Agenda: Tony Blair - Fürst ohne Gefolge

Tony Blair geht in die schwierigste Woche seiner Amtszeit: Am Dienstag droht Labour dem Parteichef die Unterhaus-Mehrheit zu verweigern, am Mittwoch geht Lordrichter Brian Hutton mit der Regierung ins Gericht. Ist der Premier am Ende? von Sebastian Borger, London
Tony Blair während einer Pressekonferenz   Tony Blair während einer Pressekonferenz
In den Überschriften, mit denen Großbritanniens Zeitungen zum Wochenanfang um Käufer buhlen, sieht es für den Premier finster aus: Der linksliberale "Guardian" wähnt "Blair vor dem Abgrund", der konservative "Daily Telegraph" titelt "Doppelte Gefahr für Blair", und das Boulevardblatt "Daily Mirror" beschwört in großen Lettern "Die Albtraum-Woche" herauf.

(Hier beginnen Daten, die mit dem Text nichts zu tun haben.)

(* [Ulog] bounds [exp (mu t)] from above, with a margin once [t] is past any [t1 > 0]. *)
Lemma existence_time_finite : let D := p 0 / (lam * p 0 + mu) in
  exists Tf, T = Finite Tf /\ 0 < Tf < - (/ mu) * ln (lam * D).
Proof.
  intros D.
  destruct (in_Omega_b_Hb _ _ Hom) as [_ [Hp0 _]].
  assert (HD : 0 < D) by (unfold D, lam, mu; apply Rdiv_lt_0_compat; lra).
  assert (HT0 : Rbar_lt 0 T) by (destruct Hsol; auto).
  set (t1 := match T with Finite Tf => Tf / 2 | _ => 1 end).
  assert (Ht1 : 0 < t1 /\ Rbar_lt t1 T) by (unfold t1; destruct T; simpl in *; lra).
  destruct Ht1 as [Ht1 Ht1T].
  set (K := mu * Ulog p t1 / lam).
  assert (HKlt : K < / (lam * D)).
  { pose proof (Ulog_decreasing 0 t1 ltac:(lra) Ht1 Ht1T) as HU. rewrite Ulog_0 in HU.
    unfold K. apply (Rmult_lt_reg_l (lam / mu)); [unfold lam, mu; lra|].
    replace (lam / mu * (mu * Ulog p t1 / lam)) with (Ulog p t1) by (unfold lam, mu; field).
    replace (lam / mu * / (lam * D)) with (/ (mu * D)) by (unfold lam, mu; field; lra). auto. }
  assert (HK : 0 < K).
  { pose proof (Ulog_gt_exp t1 ltac:(lra) Ht1T). pose proof (exp_pos (mu * t1)).
    unfold K, lam, mu in *. lra. }
  assert (Hbound : forall t, t1 <= t -> Rbar_lt t T -> t < ln K / mu).
  { intros t Ht HtT.
    assert (HUt : Ulog p t <= Ulog p t1).
    { destruct (Req_dec t t1) as [->|Hne]; [lra|]. apply Rlt_le, Ulog_decreasing; auto; lra. }
    pose proof (Ulog_gt_exp t ltac:(lra) HtT).
    assert (Hex : exp (mu * t) < K) by (unfold K, lam, mu in *; lra).
    apply ln_increasing in Hex; [|apply exp_pos]. rewrite ln_exp in Hex.
    unfold mu in *. lra. }
  assert (HlnK : ln K / mu < - (/ mu) * ln (lam * D)).
  { replace (- / mu * ln (lam * D)) with (ln (/ (lam * D)) / mu)
      by (rewrite ln_Rinv by (unfold lam; nra); unfold mu; field).
    apply ln_increasing in HKlt; auto. unfold mu. lra. }
  destruct T as [Tf| |]; simpl in *; try contradiction.
  - exists Tf; split; auto. split; [lra|].
    destruct (Rle_lt_dec Tf (ln K / mu)); [lra|].
    specialize (Hbound (Rmax t1 ((ln K / mu + Tf) / 2))).
    pose proof (Rmax_l t1 ((ln K / mu + Tf) / 2)). pose proof (Rmax_r t1 ((ln K / mu + Tf) / 2)).
    assert (Rmax t1 ((ln K / mu + Tf) / 2) < Tf) by (apply Rmax_lub_lt; unfold t1 in *; lra).
    specialize (Hbound ltac:(lra) ltac:(simpl; lra)). lra.
  - exfalso. specialize (Hbound (Rmax t1 (ln K / mu + 1))).
    pose proof (Rmax_l t1 (ln K / mu + 1)). pose proof (Rmax_r t1 (ln K / mu + 1)).
    specialize (Hbound ltac:(lra) I). lra.
Qed.

End Solution.

(** * Blow-up *)

Lemma Rf_Qf_bound b1 b2 b : 0 < b1 -> b1 <= b <= b2 ->
  - ((/ b1 + b2) / 2) <= Rf b <= (/ b1 + b2) / 2 /\ 0 <= Qf b <= (/ b1 + b2) / 2.
Proof.
  intros Hb1 Hb. assert (0 < / b <= / b1) by (split; [apply Rinv_0_lt_compat | apply Rinv_le_contravar]; lra).
  unfold Rf, Qf. lra.
Qed.

Lemma lin_comb_abs_le X Y u w L : Rabs X <= L -> Rabs Y <= L ->
  Rabs (X * u + Y * w) <= L * (Rabs u + Rabs w).
Proof.
  intros HX HY. eapply Rle_trans; [apply Rabs_triang|]. rewrite !Rabs_mult.
  pose proof (Rabs_pos u). pose proof (Rabs_pos w). nra.
Qed.

Lemma Fp_Fv_bounded a2 b1 b2 : 0 <= a2 -> 0 < b1 <= b2 ->
  exists M, 0 < M /\ forall a b, 0 <= a <= a2 -> b1 <= b <= b2 ->
    Rabs (Fp a b) <= M /\ Rabs (Fv a b) <= M.
Proof.
  intros Ha2 Hb. set (S := (/ b1 + b2) / 2).
  assert (HS : 0 < S) by (pose proof (Rinv_0_lt_compat b1 ltac:(lra)); unfold S; lra).
  assert (HR := fun b => Rf_Qf_bound b1 b2 b ltac:(lra)). fold S in HR.
  exists (a2 * (a2 * S + S) + a2 * (1 + b2 ^ 2) / 4 + (1 + b2 ^ 2) / 2 + 1).
  split.
  - nra.
  - intros a b Ha Hb'. destruct (HR b Hb') as [[R1 R2] [Q1 Q2]].
    split; apply Rabs_le; unfold Fp, Fv.
    + assert (- S * (a2 + 1) <= a * Rf b - Qf b <= a2 * S) by (split; nra).
      assert (a * (a * Rf b - Qf b) <= a2 * (a2 * S)).
      { apply Rle_trans with (a * (a2 * S)); [apply Rmult_le_compat_l; lra|].
        apply Rmult_le_compat_r; nra. }
      assert (- (a2 * (S * (a2 + 1))) <= a * (a * Rf b - Qf b)).
      { apply Rle_trans with (a * (- S * (a2 + 1))); [nra | apply Rmult_le_compat_l; lra]. }
      assert (0 <= b2 ^ 2) by nra. split; nra.
    + assert (b ^ 2 <= b2 ^ 2) by nra. assert (0 <= b ^ 2) by nra.
      assert (0 <= a * (1 + b ^ 2) <= a2 * (1 + b2 ^ 2)) by (split; nra).
      assert (0 <= a2 * (a2 * S + S)) by nra.
      split; nra.
Qed.

(* The differences are written as [X (a - a') + Y (b - b')] with [X], [Y] bounded on the box. *)
Lemma Fp_Fv_lipschitz a2 b1 b2 : 0 <= a2 -> 0 < b1 <= b2 ->
  exists L, 0 < L /\ forall a b a' b', 0 <= a <= a2 -> b1 <= b <= b2 ->
    0 <= a' <= a2 -> b1 <= b' <= b2 ->
    Rabs (Fp a b - Fp a' b') <= L * (Rabs (a - a') + Rabs (b - b')) /\
    Rabs (Fv a b - Fv a' b') <= L * (Rabs (a - a') + Rabs (b - b')).
Proof.
  intros Ha2 Hb. set (S := (/ b1 + b2) / 2).
  assert (HS : 0 < S) by (pose proof (Rinv_0_lt_compat b1 ltac:(lra)); unfold S; lra).
  assert (HR := fun b => Rf_Qf_bound b1 b2 b ltac:(lra)). fold S in HR.
  set (ib2 := / b1 ^ 2). assert (Hib2 : 0 <= ib2) by (apply Rlt_le, Rinv_0_lt_compat; nra).
  exists ((2 * a2 * S + S) + (a2 ^ 2 + a2) * (ib2 + 1) + (1 + b2 ^ 2) / 4
          + 2 * b2 * (a2 / 4 + 1 / 2) + 1).
  split.
  - nra.
  - intros a b a' b' Ha Hbb1 Ha' Hbb2.
    destruct (HR b Hbb1) as [[R1 R2] [Q1 Q2]].
    assert (Hbb : 0 < / (b * b') <= ib2).
    { split; [apply Rinv_0_lt_compat; nra | apply Rinv_le_contravar; nra]. }
    assert (0 <= S) by lra.
    split.
    + replace (Fp a b - Fp a' b') with
        (((a + a') * Rf b - Qf b) * (a - a') +
         (- a' ^ 2 * (/ (b * b') + 1) / 2 - a' * (1 - / (b * b')) / 2) * (b - b'))
        by (unfold Fp, Rf, Qf; field; lra).
      set (u := / (b * b')) in *.
      assert (0 <= (1 + b2 ^ 2) / 4 + 2 * b2 * (a2 / 4 + 1 / 2)) by nra.
      assert (0 <= (a2 ^ 2 + a2) * (ib2 + 1)) by nra.
      assert (HX : - (2 * a2 * S + S) <= (a + a') * Rf b - Qf b <= 2 * a2 * S + S).
      { assert (0 <= a + a' <= 2 * a2) by lra. split; nra. }
      assert (HY : - ((a2 ^ 2 + a2) * (ib2 + 1)) <= - a' ^ 2 * (u + 1) / 2 - a' * (1 - u) / 2
                   <= (a2 ^ 2 + a2) * (ib2 + 1)).
      { assert (0 <= a' ^ 2 <= a2 ^ 2) by (split; nra).
        assert (0 <= a' ^ 2 * (u + 1) <= a2 ^ 2 * (ib2 + 1)) by (split; nra).
        assert (- (a2 * ib2) <= a' * (1 - u) <= a2) by (split; nra).
        split; nra. }
      apply lin_comb_abs_le; apply Rabs_le; lra.
    + replace (Fv a b - Fv a' b') with
        ((- (1 + b ^ 2) / 4) * (a - a') + (- (a' / 4) * (b + b') - (b + b') / 2) * (b - b'))
        by (unfold Fv; field).
      assert (0 <= (2 * a2 * S + S) + (a2 ^ 2 + a2) * (ib2 + 1)) by nra.
      apply lin_comb_abs_le; apply Rabs_le; split; nra.
Qed.

Lemma Fp_Fv_lipschitz_field a1 a2 b1 b2 : 0 <= a1 <= a2 -> 0 < b1 <= b2 ->
  exists L M, lipschitz_field Fp Fv a1 a2 b1 b2 L M.
Proof.
  intros Ha Hb.
  destruct (Fp_Fv_lipschitz a2 b1 b2 ltac:(lra) Hb) as [L [HL HLip]].
  destruct (Fp_Fv_bounded a2 b1 b2 ltac:(lra) Hb) as [M [HM HBd]].
  exists L, M. constructor; auto.
  - intros f g t Hf Hg [_ Hgt]. assert (g t <> 0) by lra.
    split; unfold Fp, Fv, Rf, Qf; reg.
  - intros a b [Ha' Hb']. apply HBd; lra.
  - intros a b a' b' [Ha' Hb'] [Ha'' Hb'']. apply HLip; lra.
Qed.

(* [Fp/p + k Fv/v = N/v] where [N(0) >= 0] thanks to [k p <= k Mp = p0 - 1 <= p - 1],
   so the [1/v] singularity cancels and [N >= - C v^2]. *)
Lemma log_flow_lower_bound (p v p0 Mp : R) : 1 < p0 -> p0 <= p <= Mp -> 0 < v < 1 ->
  let k := (p0 - 1) / Mp in
  - ((Mp + 1) / 2 + k * (Mp / 4 + 1 / 2)) <= Fp p v / p + k * (Fv p v / v).
Proof.
  intros Hp0 Hp Hv k.
  assert (Hk : 0 < k) by (unfold k; apply Rdiv_lt_0_compat; lra).
  assert (HkM : k * Mp = p0 - 1) by (unfold k; field; lra).
  set (C1 := (Mp + 1) / 2 + k * (Mp / 4 + 1 / 2)).
  set (N := (p * (1 - v ^ 2) - (1 + v ^ 2)) / 2 + k * (- p * (1 + v ^ 2) / 4 + (1 - v ^ 2) / 2)).
  replace (Fp p v / p + k * (Fv p v / v)) with (N / v) by (unfold N, Fp, Fv, Rf, Qf; field; lra).
  assert (HN : - C1 * v ^ 2 <= N).
  { unfold N, C1.
    assert (k * p <= p0 - 1) by nra.
    assert ((p + 1) / 2 + k * (p / 4 + 1 / 2) <= (Mp + 1) / 2 + k * (Mp / 4 + 1 / 2)) by nra.
    assert (0 <= (p - 1) / 2 - k * p / 4 + k / 2) by nra.
    nra. }
  assert (0 < C1) by (unfold C1; nra).
  apply (Rmult_le_reg_r v); [lra|]. unfold Rdiv. rewrite Rmult_assoc, Rinv_l, Rmult_1_r by lra.
  assert (C1 * v ^ 2 <= C1 * v) by (apply Rmult_le_compat_l; [lra | simpl; nra]). lra.
Qed.

Section BoundedSolution.

Variables (p v : R -> R) (Tf Mp : R).
Hypothesis Hsol : is_solution p v (Finite Tf).
Hypothesis Hom : in_Omega_b (v 0) (p 0).
Hypothesis HMp : forall t, 0 <= t < Tf -> p t <= Mp.

Lemma bounded_solution_range t : 0 <= t < Tf -> p 0 <= p t <= Mp /\ 0 < p t /\ 0 < v t < 1.
Proof.
  intros Ht. destruct (solution_range p v _ Hsol Hom t) as [H1 [H2 H3]]; [lra | simpl; lra |].
  repeat split; auto; try apply HMp; lra.
Qed.

Lemma log_potential_ge :
  let k := (p 0 - 1) / Mp in
  let C1 := (Mp + 1) / 2 + k * (Mp / 4 + 1 / 2) in
  forall t, 0 <= t < Tf -> ln (p 0) + k * ln (v 0) - C1 * t <= ln (p t) + k * ln (v t).
Proof.
  intros k C1 t Ht.
  destruct (in_Omega_b_Hb _ _ Hom) as [Hv0 [Hp0 _]].
  assert (HMp0 : p 0 <= Mp) by (apply bounded_solution_range; lra).
  set (W := fun t => ln (ext0 p t) + k * ln (ext0 v t)).
  enough (W 0 + - C1 * (t - 0) <= W t) by (unfold W in *; rewrite !ext0_pos in * by lra; lra).
  destruct (Req_dec t 0) as [->|Hne]; [lra|].
  assert (HxT : forall x, 0 <= x <= t -> Rbar_lt x (Finite Tf)) by (intros; simpl; lra).
  apply (ge_lin_of_deriv_ge W (fun x => Fp (ext0 p x) (ext0 v x) / ext0 p x
                                      + k * (Fv (ext0 p x) (ext0 v x) / ext0 v x))); [lra | | |].
  - intros x Hx. destruct (solution_derive p v _ Hsol x ltac:(lra) (HxT x ltac:(lra))) as [Dp Dv].
    destruct (bounded_solution_range x ltac:(lra)) as [_ [Hpx [Hvx _]]].
    unfold W. auto_derive.
    + repeat split; try (eexists; eassumption); rewrite ext0_pos; lra.
    + change (fun y => ext0 p y) with (ext0 p). change (fun y => ext0 v y) with (ext0 v).
      rewrite (is_derive_unique _ _ _ Dp), (is_derive_unique _ _ _ Dv), !ext0_pos by lra.
      field. lra.
  - intros x Hx. destruct (solution_continuity p v _ Hsol x ltac:(lra) (HxT x ltac:(lra))) as [Cp Cv].
    destruct (bounded_solution_range x ltac:(lra)) as [_ [Hpx [Hvx _]]].
    unfold W. apply continuity_pt_plus; [|apply continuity_pt_scal];
      apply (continuity_pt_comp _ ln); auto; apply derivable_continuous_pt;
      [exists (/ ext0 p x) | exists (/ ext0 v x)]; apply derivable_pt_lim_ln;
      rewrite ext0_pos; lra.
  - intros x Hx. rewrite !ext0_pos by lra.
    apply log_flow_lower_bound; try lra; apply bounded_solution_range; lra.
Qed.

Im politischen Leben des Tony Blair hat es schon manche Tage gegeben, die als die unwiderruflich schwierigsten bezeichnet wurden. Das hat etwas mit der leicht erregbaren Londoner Presse zu tun. Außerdem gelang dem einstigen Hoffnungsträger der Sozialdemokratie in Europa lange Zeit vieles so mühelos, dass selbst kleinere Scharmützel im Londoner Unterhaus aussahen wie Kriege.
Doch erst ein richtiger Krieg und seine Folgen haben Blair wirklich auf die Probe gestellt. Als im vergangenen März die Entscheidung über Großbritanniens Beteiligung am Irak-Krieg der USA anstand, da habe er den Machtverlust in Betracht gezogen, wie der Regierungschef später zugab. Diese Woche könnte sich die Lage für ihn ähnlich dramatisch zuspitzen.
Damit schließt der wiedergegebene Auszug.